Takeo liseyi bitirmemiş, ailesi de pek zorlamamış açıkçası. Çok güzel resimler yapıyor, Hitomi’yle yakınlaşmalarını resim çizmeye borçlu. Başlarda birbirlerine karşı tutuklar, sonraları içmeye gidiyorlar ve bir iki kez öpüşüyorlar ama sevişmiyorlar, Takeo öyle şeylerin kendisine göre olmadığını söylüyor. Sonradan ortaya çıkıyor ki iktidarsızlıktan mustarip, eski kız arkadaşıyla bu yüzden problem yaşamış. Hitomi’nin resimlerini çizmeye başladığı zaman ansızın gelen kıpırtıları fark edince bağırıyor ve kadından soyunmasını istiyor. İlk deneme pek başarılı değil, sonrakilerde ritimlerini buluyorlar ama pek sürmüyor mevzu, Takeo içini hiçbir zaman tam olarak açmıyor, Hitomi bu duruma karşı isyanını anlatının sonunda dile getirebiliyor ancak, o da iç monolog halinde. Aralarındaki stres arttıkça birbirlerini kırmaya başlıyorlar, ikisi de iletişim kurma yönünden başarısız. Hitomi’nin çok kitap okuduğunu biliyoruz, onun dışı kapkaranlık. Dükkân kapandıktan sonra maddi yardım istediği annesini bir kez görüyoruz ancak, daha doğrusu telefonda duyuyoruz. Geçmişine dair pek bir şey anlatmıyor Hitomi, biz Takeo’nun güvensizliğini biliyoruz. Tırışkadan bir sebep aslında, çocukken parmağı kapıya sıkıştırılınca acı verecek her olaydan ve insandan uzak durmaya başlamış, aslında tam bir hikikomori adayı gibi duruyor. Hemen hiçbir şeyden şikayet etmiyor, birbirlerini kırdıkları sırada Hitomi’nin neler hissettiğini umursamıyor, kalas bu herif. Hitomi âşık olduğunu anlayınca bütün dünyasını Takeo etrafında kurmak istiyor tabii, adamı arayıp ulaşamayınca gündelik pratiklerle harcanan zamanı hesaplayıp tekrar arayıp aramamayı düşünüyor, âşık insanların tipik davranışlarını sergiliyor kısacası. Sonlara doğru muhasebe kursu alan Hitomi geçici işinden çıkarılıp başka bir işe girdiğinde karşılaşıyor Takeo’yla, kalbi yine deli gibi çarpmaya başlıyor ama Takeo’nun kalaslığı sürüyor. Hitomi’ye göre Takeo bir yabancı artık, geçmişte hissedilenlerin hiçbir anlamı yok. Diye düşünürken bir de bakıyor, Takeo önünde. Özür diliyor, insanlara güvenemediğini söylüyor. Bir araya gelip gelmediklerini bilmiyoruz, karakterlere ne olduğunu da bilmiyoruz, belli belirsiz seçebileceğimiz olay örgüsü belli bir noktada sonlanmadığı için çözülen bir düğüm, ortaya konan bir çözüm yok, kimse muradına ermiyor, herkes pata küte yaşamaya devam ediyor.

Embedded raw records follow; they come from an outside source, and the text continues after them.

Lemma mul_coef_top : mul_coef l c P Q (padd (top P) (top Q)) = P (top P) * Q (top Q).
Proof.
have [tP_in tP_max] := lexmaxP kap (0, 0%N) (fset_enum_neq0 P_neq0).
have [tQ_in tQ_max] := lexmaxP kap (0, 0%N) (fset_enum_neq0 Q_neq0).
rewrite /mul_coef (@sum_triple_single _ (fun p q k =>
    if padd (top P) (top Q) == mulW_key l p q k then P p * Q q * c p q k else 0)
  _ _ _ _ (fset_uniq _) (fset_uniq _) tP_in tQ_in) => [|p q k pP qQ lt_kp ne].
  by rewrite mulW_key0 eqxx c_key0 mulr1.
case: eqP => // /(congr1 kap); rewrite kap_padd.
case: k lt_kp ne => [|k] lt_kp ne.
  rewrite mulW_key0 kap_padd => /esym/(lex_leD_eq (tP_max _ pP) (tQ_max _ qQ))[].
  by move=> /kap_inj eq_p /kap_inj eq_q; rewrite eq_p eq_q !eqxx in ne.
have le_top := lex_leD (tP_max _ pP) (tQ_max _ qQ).
move=> eq_top; have := lt_le_trans (kap_key_lt q (ltn0Sn k) lt_kp) le_top.
by rewrite eq_top ltxx.
Qed.

Lemma mul_coef_le_top x : mul_coef l c P Q x != 0 ->
  (kap x <= kap (top P) + kap (top Q) :> lex)%O.
Proof.
have [_ tP_max] := lexmaxP kap (0, 0%N) (fset_enum_neq0 P_neq0).
have [_ tQ_max] := lexmaxP kap (0, 0%N) (fset_enum_neq0 Q_neq0).
apply: contraNT => x_gt; apply/eqP.
rewrite /mul_coef big_seq big1 // => p pP; rewrite big_seq big1 // => q qQ.
rewrite big1 // => k _; case: eqP => // x_key; case/negP: x_gt.
rewrite x_key; apply: le_trans (kap_key_le q (ltn_ord k)) _.
by apply: lex_leD; [apply: tP_max | apply: tQ_max].
Qed.

Lemma lexmax_mul (M : lpoly K) : (forall x, M x = mul_coef l c P Q x) ->
  padd (top P) (top Q) \in Supp M /\ top M = padd (top P) (top Q).
Proof.
move=> ME; have top_in : padd (top P) (top Q) \in Supp M.
  have [tP_in _] := lexmaxP kap (0, 0%N) (fset_enum_neq0 P_neq0).
  have [tQ_in _] := lexmaxP kap (0, 0%N) (fset_enum_neq0 Q_neq0).
  by rewrite mem_Supp ME mul_coef_top mulf_neq0 // -mem_Supp.
split=> //; apply: lexmax_eq => // y; rewrite mem_Supp ME kap_padd.
exact: mul_coef_le_top.
Qed.

End LeadingTerm.

Section Exponents.
Variable l : nat.
Hypothesis l_gt0 : (0 < l)%N.

Lemma expo_inj : injective (expo l).
Proof.
have l_neq0 : (l%:R : rat) != 0 by rewrite pnatr_eq0 -lt0n.
move=> [a b] [a' b'] [/(congr1 ( *%R^~ l%:R)) + /eqP]; rewrite !divfK //.
by move=> /eqP; rewrite eqr_int eqr_nat => /eqP-> /eqP->.
Qed.

Lemma expo_key p q (k : nat) : (k <= p.2)%N ->
  expo l (mulW_key l p q k) =
  ((expo l p).1 + (expo l q).1 - k%:R, (expo l p).2 + (expo l q).2 - k%:R).
Proof.
have l_neq0 : (l%:R : rat) != 0 by rewrite pnatr_eq0 -lt0n.
move=> le_kp; rewrite /expo /mulW_key /=; congr pair.
  by rewrite rmorphB rmorphD /= -[(k * l)%N%:~R]/((k * l)%N%:R) natrM; field.
by rewrite natrD natrB //; ring.
Qed.

Lemma wt_key rho sigma p q (k : nat) : (k <= p.2)%N ->
  wt rho sigma l (mulW_key l p q k) =
  wt rho sigma l p + wt rho sigma l q - k%:R * (rho + sigma)%:~R.
Proof. by move=> le_kp; rewrite /wt expo_key //= rmorphD /=; ring. Qed.

End Exponents.

Definition lexform (u v e : rat * rat) : rat * rat :=
  (u.1 * e.1 + u.2 * e.2, v.1 * e.1 + v.2 * e.2).

Lemma lexform_inj u v : u.1 * v.2 != u.2 * v.1 -> injective (lexform u v).
Proof.
move=> det_neq0 [a b] [a' b'] [e1 e2].
have : (u.1 * v.2 - u.2 * v.1) * (a - a') = 0 /\ (u.1 * v.2 - u.2 * v.1) * (b - b') = 0.
  split.
    have -> : (u.1 * v.2 - u.2 * v.1) * (a - a') =
      v.2 * (u.1 * a + u.2 * b - (u.1 * a' + u.2 * b'))
      - u.2 * (v.1 * a + v.2 * b - (v.1 * a' + v.2 * b')) by ring.
    by rewrite e1 e2 !subrr !mulr0 subr0.
  have -> : (u.1 * v.2 - u.2 * v.1) * (b - b') =
    u.1 * (v.1 * a + v.2 * b - (v.1 * a' + v.2 * b'))
    - v.1 * (u.1 * a + u.2 * b - (u.1 * a' + u.2 * b')) by ring.
  by rewrite e1 e2 !subrr !mulr0 subr0.
by case=> /eqP + /eqP; rewrite !mulf_eq0 !subr_eq0 (negbTE det_neq0) => /eqP-> /eqP->.
Qed.

Section LexformKey.
Variables (l : nat) (u v : rat * rat).
Hypothesis l_gt0 : (0 < l)%N.
Hypothesis det_neq0 : u.1 * v.2 != u.2 * v.1.
Hypothesis form_gt0 : (0 < (u.1 + u.2, v.1 + v.2) :> lex)%O.
Local Notation kap := (lexform u v \o expo l).

Lemma lexform_expo_inj : injective kap.
Proof. by move=> p q /(lexform_inj det_neq0)/(expo_inj l_gt0). Qed.

Lemma lexform_expo_padd p q :
  lexform u v (expo l (padd p q)) = lexform u v (expo l p) + lexform u v (expo l q).
Proof.
rewrite /expo /= intrD natrD mulrDl.
by case: (p) (q) => [a b] [a' b']; rewrite /lexform /= pairD; congr pair; ring.
Qed.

Hayatla ilgili bir roman diyesim var. Gelişine yaşamak diyemem çünkü karakterlerin davranış örüntüleri besbelli, köşeli bir roman da diyemem çünkü geçen zamandan başka takip edeceğimiz edebi bir referans çizgisi yok. Bir bölümde Nakano’nun sevgilisinin yazdığı erotik öykülerin yarattığı krizi görüyoruz mesela, hiç yoktan dert. Metni dükkâna getirip Hatomi’nin önüne koyan Nakano yorum bekliyor kadından, Hatomi okumaya başlayınca ilk iki satırda korkulacak bir şey olmadığını anlıyor ama üçüncü satırdan itibaren anüsler, vajinalar havalarda uçuşmaya başlıyor. Nakano yaptığının tacize girebileceğinden korktuğunu söylüyor ama öyküye dair Hatomi’nin fikrini de merak ettiğinden soruyor, beklediği tepkiyi alamayınca utancını tutamıyor daha fazla. Tuhaf ve komik muhabbetlerden biri burada, Hatomi o pozisyonları gerçekten deneyip denemediklerini sorduğu zaman Nakano yaşlı bir osuruk olmadığını, buna rağmen öyle uç noktalara gidemeyeceğini söyleyerek karışık bir cevap veriyor, kadın üsteledikçe adam geri çekiliyor. Nakano’nun sevgilisi arıyor sonra, metinle ilgili ne düşündüğünü soruyor falan, matrak olaylar çok.
Numarası beğenilmezse anlarım, numarasını gözden kaçırıp kendi beklentilerinin karşılanmadığını düşünenleri de anlarım ama ben beğendiğimi söyleyeceğim bu anlatıyı, tavsiye de ederim.